◆ **What you should do**
Look through the lines below and extract each one that contains "first".

◆ **Exercise data**
Lemma sum_nchildren : \sum_x nchildren x = #|T|.-1.
Proof.
transitivity (\sum_x \sum_y (e x y && (parent y == x) : nat)).
  apply: eq_bigr => x _; rewrite /nchildren -sum1_card big_mkcond /=.
  by apply: eq_bigr => y _; rewrite inE; case: (_ && _).
rewrite exchange_big -(cardC1 s) -sum1_card [RHS]big_mkcond /=.
apply: eq_bigr => y _; rewrite (bigD1 (parent y)) //= eqxx andbT big1 ?addn0; last first.
  by move=> x /negbTE pyx; rewrite eq_sym pyx andbF.
rewrite inE; case: (eqVneq y s) => [-> | ys] /=; first by rewrite parent_root irr.
by have [ypy _] := parentP ys; rewrite sym ypy.
Qed.

Lemma sum_cross_deg : \sum_x deg e x = 2 * (#|T| + 1) -> \sum_x #|cross_nbhd x| = 4.
Proof.
have -> : \sum_x deg e x = \sum_x (x != s : nat) + \sum_x nchildren x + \sum_x #|cross_nbhd x|.
  by rewrite -!big_split /=; apply: eq_bigr => x _; rewrite deg_tree_split.
have -> : \sum_x (x != s : nat) = #|T|.-1.
  rewrite -(cardC1 s) -sum1_card [RHS]big_mkcond /=.
  by apply: eq_bigr => x _; rewrite !inE; case: (x != s).
have : 0 < #|T| by apply/card_gt0P; exists s.
by rewrite sum_nchildren; lia.
Qed.

Section OddDegrees.
Hypothesis sum_deg : \sum_x deg e x = 2 * (#|T| + 1).
Hypothesis odd_deg : forall x, odd (deg e x).
Hypothesis leaf_supports_adj : forall x x' a b,
  deg e x = 1 -> deg e x' = 1 -> e x a -> e x' b -> a != b -> e a b.

Lemma odd_cross_depth1 w : odd #|cross_nbhd w| -> depth w = 1 /\ 0 < nchildren w.
Proof.
move=> ow; have ws : w != s by apply: contraTneq ow => ->; rewrite cross_nbhd_root cards0.
have := odd_deg w; rewrite deg_tree_split ws !oddD ow /= addbT negbK => och.
have dw1 : depth w = 1.
  have := depth_le2 w; have := depth_eq0 w; rewrite (negbTE ws).
  by case dw: (depth w) => [|[|[|]]] // _ _; rewrite nchildren_depth2 in och.
by split; last by move: och; case: (nchildren w).
Qed.
(* Let $\mathcal F=\{F_1,\dots,F_k\}$, $\mathcal I=\{0,1\}^k\setminus\{\boldsymbol 0\}$, $\mathcal I_0=\{0,1\}^k$, $I=2^k-1$, let $\mathcal F_{asc}$ be an ascending class of subsets of $\mathcal F$, $\mathcal F_{des}=2^{\mathcal F}\setminus\mathcal F_{asc}\setminus\{\varnothing\}$, and let $\mathbf A$ be the design matrix of the HAS model generated by $\mathcal F_{asc}$ (rows indexed by $W\in\mathcal F_{des}$, columns by $\boldsymbol i\in\mathcal I$, entry $1$ iff $W\subseteq\phi(\boldsymbol i)$). Let $\mathcal X_{\mathbf A}$ be the associated variety and $\overline{\mathcal X}_{\mathbf A}$ its projective closure, with the extra homogenizing coordinate $p_0$ corresponding to the zero cell $\boldsymbol 0$. Then the intersection of $\overline{\mathcal X}_{\mathbf A}$ with the interior of the $I$-dimensional simplex $\mathrm{int}(\Delta_I)$ is homeomorphic to the hierarchical log-linear model $LL(\mathcal F_{asc})$ on $\mathcal I_0$.
   Context: $\phi(\boldsymbol i)$ is the set of features whose coordinate in $\boldsymbol i$ equals $1$. $\mathcal X_{\mathbf A}=\{\boldsymbol p\in\mathbb R^{I}_{\ge0}:\ \boldsymbol p^{\boldsymbol d^+}=\boldsymbol p^{\boldsymbol d^-}\ \text{for all integer }\boldsymbol d\in\mathrm{Ker}(\mathbf A)\}$, where $\boldsymbol d^\pm$ are the positive and negative parts of $\boldsymbol d$ and powers are componentwise monomials. The projective closure $\overline{\mathcal X}_{\mathbf A}$ is the smallest projective variety in projective space with homogeneous coordinates $(p_0:p(\boldsymbol i))_{\boldsymbol i\in\mathcal I}$ whose dehomogenization at $p_0=1$ is $\mathcal X_{\mathbf A}$ (obtained by homogenizing, with $p_0$, the polynomials of a Gröbner basis of the ideal of $\mathcal X_{\mathbf A}$). Its intersection with $\mathrm{int}(\Delta_I)$ means the set of strictly positive vectors $(p_0,(p(\boldsymbol i))_{\boldsymbol i\in\mathcal I})$ with coordinates summing to $1$ lying in (the cone of) $\overline{\mathcal X}_{\mathbf A}$. $LL(\mathcal F_{asc})$ is the set of strictly positive probability distributions $\boldsymbol p$ on $\mathcal I_0$ such that, writing $\log p(\boldsymbol i)=\sum_{V\subseteq\phi(\boldsymbol i)}\beta_V$ ($V$ over all subsets of $\mathcal F$, including $\varnothing$; a unique representation), $\beta_V=0$ for all $V\in\mathcal F_{asc}$. *)

From HB Require Import structures.
From mathcomp Require Import all_boot all_order all_algebra.
From mathcomp Require Import all_classical all_reals all_analysis.
From mathcomp Require mpoly.
Set Implicit Arguments. Unset Strict Implicit. Unset Printing Implicit Defensive.
Import Order.TTheory GRing.Theory Num.Theory.
Local Open Scope ring_scope.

◆ **Result**
apply: eq_bigr => y _; rewrite (bigD1 (parent y)) //= eqxx andbT big1 ?addn0; last first.
rewrite inE; case: (eqVneq y s) => [-> | ys] /=; first by rewrite parent_root irr.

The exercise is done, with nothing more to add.